Govt looking at measures to check illicit fund outflows

December 14, 2010 11:31 pm | Updated 11:31 pm IST - KOLKATA:

The Central Government is worried over the rise in illicit fund outflows occurring primarily on account of trade mispricing, Revenue Secretary Sunil Mitra said seeking greater responsibility on the part of corporate behaviour, adding that the Government was looking at measures to check the trend.

Addressing the national executive of the Federation of Indian Chambers of Commerce and Industry (FICCI), he said that there was an unmistakable trend showing that the Indian private sector had shifted away from bank deposits to OFCs (other financial corporations). The share of Indian OFC deposits increased from 36.4 per cent of total deposits in 1995 to 54.2 per cent in 2009. The increasing recourse to OFC deposits relative to the banking system was a matter of concern, he said, noting that currently over 60 per cent of global trade was handled by MNCs. Quoting a recently-released report of Global Financial Integrity, a Washington-based think-tank, Mr. Mitra said that the report highlighted that the share of illicit flows from India increased from 0.5 per cent of gross domestic product (GDP) to 2.4 per cent over a four-year period beginning 2000, at a time when flows from China dropped.

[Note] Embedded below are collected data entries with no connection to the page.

Definition ER_cv (u : nat -> ER) (l : R) : Prop :=
  forall eps, 0 < eps -> exists N, forall k, (N <= k)%nat ->
    exists v, u k = Fin v /\ Rabs (v - l) < eps.

Definition subobj {m n q} (A : Amat m n q) (b : vec q) (gf : BV m n -> BV m n)
  (g : forall i : 'I_m, vec (n i) -> ER) (P : forall i : 'I_m, 'I_(n i) -> 'I_(n i) -> R)
  (beta : R) (xk : BV m n) (lamk : vec q) (i : 'I_m) (z : vec (n i)) : ER :=
  ER_add
    (Fin (dot (fun a => gf xk i a - AiT A i (fun r => lamk r - beta * resid A b xk r) a) z
          + / 2 * qform (P i) (vsub z (xk i))))
    (g i z).

(* Iterates are indexed by the history of chosen blocks and expectations are
   averages over histories.  One step of the algorithm combines the block
   descent lemma for f, the three-point inequality of the proximal block update
   and P_i >= L_i I + beta A_i^T A_i; averaging over the chosen block and using
   convexity of f, the potential
     Phi + |lambda - lambda*|^2 / (2 rho) + |x - x*|_P^2 / 2 + (beta - rho)/2 |r|^2
   decreases in expectation up to the cross term <lambda - lambda*, r>, which
   telescopes through the dual update.  The resulting Lyapunov sequence decreases
   by at least (E Phi + rho/2 E|r|^2) / m per step and stays bounded below
   (E|lambda - lambda*|^2 obeys a contracting affine recursion), so E Phi and
   E|r|^2 tend to 0, and E|r| <= eps/2 + E|r|^2 / (2 eps). *)

From HB Require Import structures.
From Stdlib Require Import Reals Lra Lia FunctionalExtensionality.
From mathcomp Require Import ssreflect ssrfun ssrbool eqtype ssrnat seq fintype bigop.
Open Scope R_scope.

Lemma RplusA : associative Rplus. Proof. by move=> *; ring. Qed.
HB.instance Definition _ := Monoid.isComLaw.Build R 0 Rplus RplusA Rplus_comm Rplus_0_l.
HB.instance Definition _ := Monoid.isMulLaw.Build R 0 Rmult Rmult_0_l Rmult_0_r.
HB.instance Definition _ :=
  Monoid.isAddLaw.Build R Rmult Rplus Rmult_plus_distr_r Rmult_plus_distr_l.

Section RealSums.
Context {k : nat}.
Implicit Types F G : 'I_k -> R.

Lemma big_Rle F G : (forall j, F j <= G j) ->
  \big[Rplus/0]_(j < k) F j <= \big[Rplus/0]_(j < k) G j.
Proof. by move=> FG; apply: (big_ind2 (fun a b => a <= b)) => // *; lra. Qed.

Lemma big_Rge0 F : (forall j, 0 <= F j) -> 0 <= \big[Rplus/0]_(j < k) F j.
Proof. by move=> F0; apply: (big_ind (fun a => 0 <= a)) => // *; lra. Qed.

Lemma big_Rminus F G :
  \big[Rplus/0]_(j < k) F j - \big[Rplus/0]_(j < k) G j = \big[Rplus/0]_(j < k) (F j - G j).
Proof.
rewrite [RHS](eq_bigr (fun j => F j + -1 * G j)) => [|j _]; last by ring.
rewrite big_split -big_distrr /=; ring.
Qed.

Lemma big_Rconst c : \big[Rplus/0]_(j < k) c = INR k * c.
Proof.
rewrite big_const card_ord; elim: k => [|k' IH]; first by rewrite /=; ring.
by rewrite iterS IH S_INR; ring.
Qed.
End RealSums.

Section Vectors.
Context {d : nat}.
Implicit Types u v w : vec d.

Lemma dotC u v : dot u v = dot v u.
Proof. by rewrite /dot; apply: eq_bigr => j _; ring. Qed.

Lemma dot_ge0 u : 0 <= dot u u.
Proof. by apply: big_Rge0 => j; nra. Qed.

Lemma vnorm_ge0 u : 0 <= vnorm u.
Proof. exact: sqrt_pos. Qed.

Lemma vnorm_sq u : vnorm u * vnorm u = dot u u.
Proof. exact/sqrt_sqrt/dot_ge0. Qed.

Lemma dotDl u v w : dot (fun j => u j + v j) w = dot u w + dot v w.
Proof. by rewrite /dot -big_split /=; apply: eq_bigr => j _; ring. Qed.

Lemma dotDr u v w : dot u (fun j => v j + w j) = dot u v + dot u w.
Proof. by rewrite dotC dotDl !(dotC u). Qed.

Lemma dotZl t u v : dot (fun j => t * u j) v = t * dot u v.
Proof. by rewrite /dot big_distrr /=; apply: eq_bigr => j _; ring. Qed.

Lemma dotZr t u v : dot u (fun j => t * v j) = t * dot u v.
Proof. by rewrite dotC dotZl dotC. Qed.

Lemma dot_subZl t u v w : dot (fun j => u j - t * v j) w = dot u w - t * dot v w.
Proof. by rewrite /dot big_distrr /= big_Rminus; apply: eq_bigr => j _; ring. Qed.

Lemma dot_subZr t u v w : dot w (fun j => u j - t * v j) = dot w u - t * dot w v.
Proof. by rewrite dotC dot_subZl !(dotC w). Qed.

Lemma dot_vsubl u v w : dot (vsub u v) w = dot u w - dot v w.
Proof. by rewrite /dot big_Rminus; apply: eq_bigr => j _; rewrite /vsub; ring. Qed.

Lemma dot_vsubr u v w : dot u (vsub v w) = dot u v - dot u w.
Proof. by rewrite dotC dot_vsubl !(dotC u). Qed.

Lemma dot0r u : dot u (fun _ => 0) = 0.
Proof. by apply: big1 => j _; rewrite Rmult_0_r. Qed.

Lemma vnormZ t u : vnorm (fun j => t * u j) = Rabs t * vnorm u.
Proof.
rewrite /vnorm -sqrt_Rsqr_abs -sqrt_mult_alt; last exact: Rle_0_sqr.
by rewrite dotZl dotC dotZl /Rsqr Rmult_assoc.
Qed.

Lemma dot_le_of_vnorm_le K u v :
  0 < K -> vnorm u <= K * vnorm v -> dot u v <= K * dot v v.
Proof.
move=> K0 uv.
have amgm : 2 * K * dot u v <= dot u u + K * K * dot v v.
  rewrite /dot !big_distrr -big_split /=; apply: big_Rle => j /=.
  have := pow2_ge_0 (u j - K * v j); nra.
have : dot u u <= K * K * dot v v.
  rewrite -!vnorm_sq; have := vnorm_ge0 u; nra.
nra.
Qed.
End Vectors.

Section Blocks.
Context {m : nat} {n : 'I_m -> nat}.
Implicit Types x y u v : BV m n.

Definition bscale t x : BV m n := fun i j => t * x i j.

Lemma BV_ext x y : (forall i j, x i j = y i j) -> x = y.
Proof.
move=> xy; apply: functional_extensionality_dep => i.
exact: functional_extensionality (xy i).
Qed.

Lemma bnorm_ge0 x : 0 <= bnorm x.
Proof. exact: sqrt_pos. Qed.

Lemma bdotZr t u v : bdot u (bscale t v) = t * bdot u v.
Proof.
by rewrite /bdot big_distrr /=; apply: eq_bigr => i _; rewrite dotZr.
Qed.

Lemma bnormZ t x : bnorm (bscale t x) = Rabs t * bnorm x.
Proof.
rewrite /bnorm -sqrt_Rsqr_abs -sqrt_mult_alt; last exact: Rle_0_sqr.
congr sqrt; rewrite bdotZr /bdot big_distrr /=; rewrite /Rsqr big_distrr /=.
by apply: eq_bigr => i _; rewrite dotZl; ring.
Qed.

Lemma bdot_bsubC u x y : bdot u (bsub y x) = - bdot u (bsub x y).
Proof.
have -> : forall r, - r = -1 * r by move=> r; ring.
rewrite /bdot big_distrr /=.
apply: eq_bigr => i _; rewrite -dotZl; apply: eq_bigr => j _; rewrite /bsub; ring.
Qed.

Lemma bdot_Ublk u y i : bdot u (Ublk i y) = dot (u i) (y i).
Proof.
rewrite /bdot (bigD1 i) //= /Ublk eqxx big1 ?Rplus_0_r // => j /negPf ->.
exact: dot0r.
Qed.
End Blocks.

Section BlockOperator.
Context {m : nat} {n : 'I_m -> nat} {q : nat}.
Variables (A : Amat m n q) (b : vec q).

Lemma Aiz_vsub i (u v : vec (n i)) : Aiz A i (vsub u v) = vsub (Aiz A i u) (Aiz A i v).
Proof.
apply: functional_extensionality => r; rewrite /Aiz /vsub big_Rminus.
by apply: eq_bigr => a _; ring.
Qed.

Lemma dot_AiT i w (v : vec (n i)) : dot (AiT A i w) v = dot w (Aiz A i v).
Proof.
rewrite /dot /AiT /Aiz; under eq_bigr => a _ do rewrite Rmult_comm big_distrr /=.
rewrite exchange_big; apply: eq_bigr => r _ /=; rewrite big_distrr /=.
by apply: eq_bigr => a _; ring.
Qed.

Lemma sum_Aiz_vsub (x y : BV m n) r :
  \big[Rplus/0]_(i < m) Aiz A i (vsub (x i) (y i)) r = resid A b x r - resid A b y r.
Proof.
rewrite /resid (_ : forall a c e, a - e - (c - e) = a - c) => [|*]; last by ring.
by rewrite big_Rminus; apply: eq_bigr => i _; rewrite Aiz_vsub.
Qed.
End BlockOperator.

Lemma le_of_small_perturbations a b K :
  (forall t, 0 < t < 1 -> a <= b + t * K) -> a <= b.
Proof.
move=> ab; apply: Rle_plus_epsilon => eps eps0.
have K1 : 0 < Rabs K + 1 by have := Rabs_pos K; lra.
set t := Rmin (1 / 2) (eps / (Rabs K + 1)).
have t0 : 0 < t by apply: Rmin_pos; [lra | apply: Rdiv_lt_0_compat].
have t1 : t <= 1 / 2 := Rmin_l _ _.
have tK : t * (Rabs K + 1) <= eps.
  apply: (Rle_trans _ (eps / (Rabs K + 1) * (Rabs K + 1))); last by right; field; lra.
  by apply: Rmult_le_compat_r; [lra | exact: Rmin_r].
have := ab t (conj t0 (ltac:(lra) : t < 1)); have := Rle_abs K; nra.
Qed.

Lemma exists_small_scale delta c :
  0 < delta -> 0 <= c -> exists t, 0 < t <= 1 /\ t * c < delta.
Proof.
move=> delta0 c0; set t := Rmin 1 (delta / (2 * (c + 1))).
have t0 : 0 < t by apply: Rmin_pos; [lra | apply: Rdiv_lt_0_compat; lra].
have tc : t * (2 * (c + 1)) <= delta.
  apply: (Rle_trans _ (delta / (2 * (c + 1)) * (2 * (c + 1)))); last by right; field; lra.
  by apply: Rmult_le_compat_r; [lra | exact: Rmin_r].
by exists t; split; [split => //; exact: Rmin_l | nra].
Qed.

Definition bform {d} (M : 'I_d -> 'I_d -> R) (u v : vec d) : R :=
  \big[Rplus/0]_(a < d) \big[Rplus/0]_(c < d) (u a * M a c * v c).

Section QuadraticForms.
Context {d : nat} {M : 'I_d -> 'I_d -> R}.
Hypothesis M_sym : forall a c, M a c = M c a.

Lemma bformC u v : bform M v u = bform M u v.
Proof. by rewrite /bform exchange_big; do 2!apply: eq_bigr => ? _; rewrite M_sym; ring. Qed.

Lemma qformD u v t :
  qform M (fun j => u j + t * v j) = qform M u + 2 * t * bform M u v + t * t * qform M v.
Proof.
rewrite (_ : 2 * t * bform M u v = t * bform M u v + t * bform M v u); last by rewrite bformC; ring.
rewrite /qform /bform !big_distrr -!big_split; apply: eq_bigr => a _ /=.
by rewrite !big_distrr -!big_split; apply: eq_bigr => c _ /=; ring.
Qed.

Lemma qform_vsubC u v : qform M (vsub u v) = qform M (vsub v u).
Proof. by do 2!apply: eq_bigr => ? _; rewrite /vsub; ring. Qed.

Lemma prox_three_point {G : vec d -> ER} {c xk z w : vec d} {Gz Gw : R} :
  convexER G -> G z = Fin Gz -> G w = Fin Gw ->
  (forall w', ER_le (ER_add (Fin (dot c z + / 2 * qform M (vsub z xk))) (G z))
                    (ER_add (Fin (dot c w' + / 2 * qform M (vsub w' xk))) (G w'))) ->
  Gz + dot c z + / 2 * qform M (vsub z xk) + / 2 * qform M (vsub z w)
    <= Gw + dot c w + / 2 * qform M (vsub w xk).
Proof.
move=> G_conv Gz_fin Gw_fin z_min.
(* First-order optimality of z, tested along the segment from z towards w. *)
have optimality : Gz - Gw <= dot c (vsub w z) + bform M (vsub z xk) (vsub w z).
  apply: (le_of_small_perturbations _ _ (/ 2 * qform M (vsub w z))) => t t01.
  have := G_conv w z t t01; move: (z_min (vlin t w z)); rewrite Gz_fin Gw_fin.
  case: (G (vlin t w z)) => [Gt|] //= z_le conv_le.
  rewrite (_ : vsub (vlin t w z) xk = (fun j => vsub z xk j + t * vsub w z j)) in z_le;
    last by apply: functional_extensionality => j; rewrite /vsub /vlin; ring.
  rewrite (_ : vlin t w z = (fun j => t * w j + (1 - t) * z j)) // in z_le.
  rewrite qformD dotDr !dotZr in z_le.
  by rewrite dot_vsubr; apply: (Rmult_le_reg_l t); lra.
have := qformD (vsub z xk) (vsub w z) 1.
rewrite (_ : (fun j => vsub z xk j + 1 * vsub w z j) = vsub w xk);
  last by apply: functional_extensionality => j; rewrite /vsub; ring.
rewrite (qform_vsubC z w) dot_vsubr in optimality *; lra.
Qed.
End QuadraticForms.

Lemma quadratic_derivative K c t :
  derivable_pt_lim (fun s => s * K + c * (s * s)) t (K + 2 * c * t).
Proof.
have dK := derivable_pt_lim_scal id K t 1 (derivable_pt_lim_id t).
have dsq := derivable_pt_lim_mult id id t 1 1 (derivable_pt_lim_id t) (derivable_pt_lim_id t).
have := derivable_pt_lim_plus _ _ t _ _ dK (derivable_pt_lim_scal _ c t _ dsq).
rewrite (_ : K * 1 + c * (1 * id t + id t * 1) = K + 2 * c * t); last by rewrite /id; ring.
by apply: derivable_pt_lim_ext => s; rewrite /plus_fct /mult_real_fct /mult_fct /id; ring.
Qed.

Section Differentiable.
Context {m : nat} {n : 'I_m -> nat}.
Context {f : BV m n -> R} {gf : BV m n -> BV m n}.
Hypothesis f_grad : is_gradient f gf.

Lemma convex_gradient_ineq x y :
  convexR f -> f x + bdot (gf x) (bsub y x) <= f y.
Proof.
move=> f_conv; set h := bsub y x.
suff: bdot (gf x) h <= f y - f x by lra.
apply: (le_of_small_perturbations _ _ (bnorm h)) => eps [eps0 _].
have [delta [delta0 near_x]] := f_grad x eps eps0.
have [t [[t0 t1] th]] := exists_small_scale delta (bnorm h) delta0 (bnorm_ge0 h).
have := near_x (bscale t h); rewrite bnormZ Rabs_pos_eq; last lra.
have -> : badd x (bscale t h) = (fun i j => t * y i j + (1 - t) * x i j).
  by apply: BV_ext => i j; rewrite /badd /bscale /h /bsub; ring.
move=> /(_ th); rewrite bdotZr -Rabs_Ropp => /(Rle_trans _ _ _ (Rle_abs _)).
have := f_conv y x t (conj (Rlt_le _ _ t0) t1).
have := bnorm_ge0 h; nra.
Qed.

He pointed out that the provisions of Advance Pricing Agreement proposed in the DTC would ensure proper bench-marking and stability in the transfer pricing regime.

The government has created 10 overseas income tax units and two of these, in Mauritius and Singapore have already become operational. These offices will be dedicated towards exchange of information and assistance in rapidly taking forward resolution of tax disputes and also assistance in transfer-pricing cases.

On the tax collection front, the revenue secretary said that the negative or moderate growth clocked by 50 per cent of the individual industry sectors was an area of concern although the remaining half had done extremely well. “It is worrisome that the sectors not doing well represent the labour-intensive sectors,” he said.

He said that the significant increase in tax revenues and the corresponding growth in budgetary support availability warrant a phased return to sector-specific promotion programmes being formulated by domain experts and operated transparently through their budgets under administration and “not through tweaking fiscal policy as we have done over the years,” Mr. Mitra said.